Your goal: After finding the line containing "(* Write a permutation" below, please output that line and each following one through the line containing "among them would", exactly as written.

START Information supplied

(* For all $n\ge1$, the number of permutations in $\mathcal{S}_n$ avoiding each of $1243$, $2143$ and $321$ equals $n+2\binom{n}{3}$.
   Context: A permutation $\pi\in\mathcal{S}_n$ avoids $\tau\in\mathcal{S}_k$ if there are no indices $i_1<\dots<i_k$ with $\pi_{i_1}\cdots\pi_{i_k}$ in the same relative order as $\tau_1\cdots\tau_k$. *)

From mathcomp Require Import all_boot all_order all_fingroup.
Set Implicit Arguments. Unset Strict Implicit. Unset Printing Implicit Defensive.

(* A pattern tau in S_k is given in one-line notation as a sequence of
   naturals (e.g. [:: 1; 2; 4; 3] for 1243).
   pi : 'S_n (acting on {0,..,n-1}; its one-line notation is pi 0, ..., pi (n-1))
   contains tau if there are indices i_1 < ... < i_k (a strictly increasing
   map f : 'I_k -> 'I_n) with pi(i_a) < pi(i_b) <-> tau_a < tau_b for all a, b. *)
Definition contains (n : nat) (pi : 'S_n) (tau : seq nat) : bool :=
  [exists f : {ffun 'I_(size tau) -> 'I_n},
     [forall a : 'I_(size tau), forall b : 'I_(size tau),
        ((a < b)%N ==> (f a < f b)%N) &&
        ((pi (f a) < pi (f b))%N == (nth 0 tau a < nth 0 tau b)%N)]].

Definition avoids (n : nat) (pi : 'S_n) (tau : seq nat) : bool :=
  ~~ contains pi tau.

From mathcomp Require Import all_boot all_order all_fingroup.
From mathcomp Require Import zify.
Set Implicit Arguments. Unset Strict Implicit. Unset Printing Implicit Defensive.

(* Write a permutation of {0, ..., n-1} avoiding 321, 1243 and 2143 in one-line
   notation as x :: y :: t and call an entry of t large if it exceeds
   M = max(x, y), small otherwise.  The large entries of t increase (a descent
   among them would give 1243 or 2143 together with x and y) and so do the small
   ones (a descent would give 321 together with M).  Hence the permutation is
   determined by x, y and the word recording which entries of t are large
   ([true]) or small ([false]).
   Moreover y < x forces y = 0, and the word avoids the subsequence
   small-large-small, or only small-large-small preceded by another small when
   x = y - 1; conversely every such data decodes to an avoider.  Counting these
   words for each M and summing over M gives n + 2 'C(n, 3). *)

Section Shuffle.
Variable T : eqType.

Fixpoint shuffle (w : bitseq) (L S : seq T) : seq T :=
  match w, L, S with
  | true :: w', x :: L', _ => x :: shuffle w' L' S
  | false :: w', _, x :: S' => x :: shuffle w' L S'
  | _, _, _ => [::]
  end.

END Information supplied

Task response:
(* Write a permutation of {0, ..., n-1} avoiding 321, 1243 and 2143 in one-line
   notation as x :: y :: t and call an entry of t large if it exceeds
   M = max(x, y), small otherwise.  The large entries of t increase (a descent
   among them would give 1243 or 2143 together with x and y) and so do the small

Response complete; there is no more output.